Given the extreme insecurity which most people in MPP face on a daily basis, the Biden administration must move fast to make this a reality.

Addressing the harm to those already removed under MPP

While the staggered admissions process would provide immediate relief for those whose cases were still pending, more than 40,000 additional people had their chance of seeking protection eliminated by MPP. The Biden administration must establish a process by which these people are given a second chance to come to the United States. One way to do that would be through designating individuals removed as a result of MPP and other anti-asylum policies as a group qualified to openly access the U.S Refugee Admissions Program through Priority 2 (P-2) (“groups of special concern”). A version of this approach has also been recommended by the organization HIAS.

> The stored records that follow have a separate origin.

Lemma lyap_global_attractor : global_attractor_in X Dp vzero.
Proof.
  destruct (lyap_coercive r b Hr Hb) as [m [Hm Hcoer]].
  intros I z Hsol HI _ eps Heps.
  destruct (lyap_along_filippov_solution X r b mu I z ltac:(lra) ltac:(lra) ltac:(lra) HX Hsol)
    as [Hw [[N [HN Hd]] Hpos]].
  destruct Hsol as [Hint [HD _]].
  set (c := eps * m). assert (Hc : 0 < c) by (unfold c; nra).
  set (w0 := lyap r b (z 0)). assert (Hw0 : 0 <= w0) by (apply Hpos, HI; lra).
  assert (Hmc : 0 < mu * c) by nra.
  set (T := w0 / (mu * c)).
  assert (HT : T * (mu * c) = w0) by (unfold T; field; lra).
  assert (HT0 : 0 <= T) by (unfold T; apply Rmult_le_pos; [lra|left; apply Rinv_0_lt_compat; lra]).
  exists (T + 1). intros t Ht. rewrite vnorm_vsub_vzero.
  assert (It : I t) by (apply HI; lra).
  assert (Hw0t : w0 < mu * c * (t - 0)).
  { assert (mu * c * (T + 1) <= mu * c * t) by (apply Rmult_le_compat_l; lra). nra. }
  pose proof (lyapunov_decay I _ N mu Hint Hw HN Hmu Hd Hpos 0 t c (HI 0 (Rle_refl 0)) It Hc Hw0t).
  pose proof (Hcoer (z t) (HD t It)).
  apply (Rmult_lt_reg_l m); [exact Hm|]. unfold c in *. lra.
Qed.

End LinearLyapunovFunction.

Theorem theorem2 (betaE nuE deltaE deltaM deltaF deltaS K nu gammaS : R) :
  0 < betaE -> 0 < nuE -> 0 < deltaE -> 0 < deltaM -> 0 < deltaF ->
  0 < deltaS -> 0 < K -> 0 < nu < 1 -> 0 < gammaS <= 1 -> deltaM <= deltaS ->
  R0_basic betaE nuE deltaE deltaF nu < 1 ->
  GAS_in (Xfield betaE nuE deltaE deltaM deltaF deltaS K nu gammaS (fun _ => 0))
         Dp vzero.
Proof.
  intros HbE HnE HdE HdM HdF HdS HK Hnu Hg _ HR.
  destruct (lyap_Xfield_le betaE nuE deltaE deltaM deltaF deltaS K nu gammaS
              HbE HnE HdE HdM HdF HdS HK Hnu (proj1 Hg) HR)
    as (r & b & mu & Hr & Hb & Hmu & HX).
  split; [apply (lyap_stable _ r b mu)|apply (lyap_global_attractor _ r b mu)]; assumption.
Qed.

However, because the U.S. refugee process has its own limitations this should only be one option for those subject to MPP. The U.S. could also establish a process where individuals could travel to any U.S. consulate abroad and have their prior order of removal terminated, allowing them to travel back to the United States to seek asylum along with a grant of parole. ICE must not reinstate any removal order for individuals encountered inside the United States who entered without inspection following an MPP removal order.

There is no way to undo the damage which has already been done. But by rapidly admitting those with pending cases and providing a remedy for those already ordered removed, the Biden administration can begin to heal the wounds caused by MPP.